Какова же в общем наша концепция личности?

Самый легкий анализ убеждает нас в том, что наши психические переживания состоят из двух различных рядов. Одни являются непосредственный продуктом воздействия внешнего мира, результатом наших ощущений. Другие являются как бы продолжением этих ощущений, в обработанной виде. Все переживания первой категории мы можем называть их обыденным именем, чувствами, страстями, в отличие от второй категории — разума. Понимание сущности личности коренится именно в оценке этих двух факторов душевной жизни человека.

Что разум и чувства, несмотря на внутреннюю неразрывность, несмотря на их постоянное взаимодействие, составляют качественно различные психические элементы, не подлежит сомнению. Чувства являются в душевном мире как бы работниками, физическими творцами, а разум играет роль их организатора. А подлежит ли сомнению, что труд физический и труд организующий представляют собою совершенно различные формы человеческой деятельности?

И религия, и обычное мнение, и научное понимание одинаково проводят грань между чувствами и разумом.

Религия всегда рассматривала чувства, как исчадие ада, порождение дьявола и источник всех человеческих грехов. И в этом нет, собственно, ничего удивительного. Религия ставит себе идеалом полное самоотречение человека, его абсолютное обезличение и слияние „с богом“. Может ли она достигнуть своей цели, не подавив беспощадно чувств — этих страстных фанатиков нашего „я“, этих буйных мятежников, которые не признают никаких законов — ни божеских, ни человеческих, — которые кощунственно смеются и над адскими муками, и над райским блаженством и бесстыдно льнут ко всему, что пахнет греховной плотью? Идеалом религиозного человека, святым, всегда был человек, подавивший в себе все свои живые чувства и превратившийся в чистое созерцание божества — в оторванный от плоти разум.

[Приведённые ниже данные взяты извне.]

(* Let $\mathcal{G}$ be a network with non-monitor set $N$ and set of measurement paths $P$, and let $k\ge1$. Let $S'(k):=\{v\in N: v\text{ is }k\text{-identifiable}\}$ and let $S^*(k)$ be a maximum-cardinality $k$-identifiable subset of $N$. Then $S'(k)=S^*(k)$.
   Context: $\mathcal{G}$ is a finite connected undirected graph whose node set is partitioned into monitors $M$ and non-monitors $N$; $P$ is an arbitrary set of measurement paths. A failure set is any $F\subseteq N$; a path fails iff it traverses a node of $F$. $P_F$ is the set of paths in $P$ traversing at least one node of $F$; $F_1,F_2$ are distinguishable iff $P_{F_1}\ne P_{F_2}$. For $S\subseteq N$, $S$ is $k$-identifiable if any two failure sets $F_1,F_2$ with $|F_1|,|F_2|\le k$ and $F_1\cap S\ne F_2\cap S$ are distinguishable; a node $v$ is $k$-identifiable if $\{v\}$ is. *)

From mathcomp Require Import all_boot.
Set Implicit Arguments. Unset Strict Implicit. Unset Printing Implicit Defensive.

Section Tomography.
Variable T : finType.

Definition simple_graph (e : rel T) : Prop :=
  symmetric e /\ irreflexive e.
Definition connected_graph (e : rel T) : Prop :=
  forall x y : T, connect e x y.

Definition measurement_path (e : rel T) (M : {set T}) (p : seq T) : Prop :=
  match p with
  | [::] => False
  | x :: q => path e x q /\ x \in M /\ last x q \in M
  end.

Definition traverses (F : {set T}) (p : seq T) : bool := has (fun v => v \in F) p.

Definition PF (P : seq (seq T)) (F : {set T}) : seq (seq T) :=
  [seq p <- P | traverses F p].

Definition distinguishable (P : seq (seq T)) (F1 F2 : {set T}) : Prop :=
  PF P F1 <> PF P F2.

Definition k_identifiable (N : {set T}) (P : seq (seq T)) (k : nat)
    (S : {set T}) : Prop :=
  forall F1 F2 : {set T}, F1 \subset N -> F2 \subset N ->
    #|F1| <= k -> #|F2| <= k -> F1 :&: S != F2 :&: S ->
    distinguishable P F1 F2.

Definition node_k_identifiable N P k (v : T) : Prop :=
  k_identifiable N P k [set v].

End Tomography.

From mathcomp Require Import all_boot.

(* Two failure sets that differ on S differ on a single node of S, so a set
   is k-identifiable as soon as all its nodes are.  Hence the k-identifiable
   nodes form a k-identifiable set containing every k-identifiable set, which
   is therefore the unique one of maximum size. *)

Section Identifiability.
Variables (T : finType) (N : {set T}) (P : seq (seq T)) (k : nat).

Lemma k_identifiable_sub (A B : {set T}) :
  A \subset B -> k_identifiable N P k B -> k_identifiable N P k A.
Proof.
move=> sAB idB F1 F2 sF1N sF2N cF1 cF2 neqA; apply: idB => //.
apply: contra neqA => /eqP eqB.
by rewrite -(setIidPr sAB) !setIA eqB.
Qed.

Lemma setI_neq_witness (F1 F2 S : {set T}) :
  F1 :&: S != F2 :&: S -> exists2 v, v \in S & F1 :&: [set v] != F2 :&: [set v].
Proof.
move=> neqS; have [v neq_v] : exists v, (v \in F1 :&: S) != (v \in F2 :&: S).
  apply/existsP; apply: contraT; rewrite negb_exists => /forallP eq_all.
  by case/negP: neqS; apply/eqP/setP => v; apply/eqP/negPn/eq_all.
have vS : v \in S by move: neq_v; rewrite !inE; case: (v \in S); rewrite ?andbF.
exists v => //; apply: contra neq_v => /eqP/setP/(_ v).
by rewrite !inE eqxx vS !andbT => ->.
Qed.

Lemma k_identifiable_nodes (S : {set T}) :
  (forall v, v \in S -> node_k_identifiable N P k v) -> k_identifiable N P k S.
Proof.
move=> idS F1 F2 sF1N sF2N cF1 cF2 /setI_neq_witness[v vS neq_v].
exact: (idS v vS).
Qed.

End Identifiability.

Theorem proposition2 (T : finType) (e : rel T) (M N : {set T})
    (P : seq (seq T)) (k : nat)
    (Sprime Sstar : {set T}) :
  simple_graph e -> connected_graph e ->
  M :&: N = set0 -> M :|: N = setT ->
  (forall p, p \in P -> measurement_path e M p) ->
  1 <= k ->
  (forall v, v \in Sprime <-> (v \in N /\ node_k_identifiable N P k v)) ->
  Sstar \subset N -> k_identifiable N P k Sstar ->
  (forall S : {set T}, S \subset N -> k_identifiable N P k S -> #|S| <= #|Sstar|) ->
  Sprime = Sstar.
Proof.
move=> _ _ _ _ _ _ defSprime sSstarN idSstar maxSstar.
have sSstarSprime : Sstar \subset Sprime.
  apply/subsetP => v vSstar; apply/defSprime; split; first exact: (subsetP sSstarN).
  by apply: k_identifiable_sub idSstar; rewrite sub1set.
have sSprimeN : Sprime \subset N by apply/subsetP => v /defSprime[].
have idSprime : k_identifiable N P k Sprime.
  by apply: k_identifiable_nodes => v /defSprime[].
by apply/eqP; rewrite eq_sym eqEcard sSstarSprime maxSstar.
Qed.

В наше время обычное сознание уже не считает нужный бичевать плоть и убивать свои чувства ad majorem Dei gloriam (для большей славы господней). Но презрительное отношение к ним получило прочность установившегося непоколебимого закона. Все наши обычаи, приличия, правила вежливости все отмечены одной и той же печатью—горячим желанием скрыть наши чувства, спрятать их, подавить в себе всякое свободное их проявление. Идеал современного „воспитанного“ человека, в своей отрицательной стороне, есть то же извращение человеческой природы, какого добивалась религия — абсолютное отречение от своих чувств. Но там, где вера учила подчинению себя воле божества, современное сознание требует самоотречения в пользу общественного мнения. Это поразительное совпадение однако вполне понятно... Ведь общество для своего самосохранения и развития должно по возможности устранять из психики индивидов все, что может вносить диссонанс в совместную жизнь и деятельность людей. А разве не чувства, не личные страсти являются постоянным, неиссякаемым источником общественной дисгармонии? Именно чувства настолько поглощены своею внутренней жизнью, настолько слепы и глухи, что не видят и не слышат ничего, что находится вне русла, по которому они текут с фатальной силой. Отсюда, неизбежность их вечных столкновений не только с чувствами другой личности, но и друг друга между собой. Только разум, этот корректный, вылощенный джентльмен, умеет избегать всех коллизий, ведь он, как настоящий паразит, создай для того, чтоб приспособляться целиком ко всему внешнему. Отсюда, понятно пренебрежение к чувствам и поклонение всему „разумному“ со стороны обычного суждения.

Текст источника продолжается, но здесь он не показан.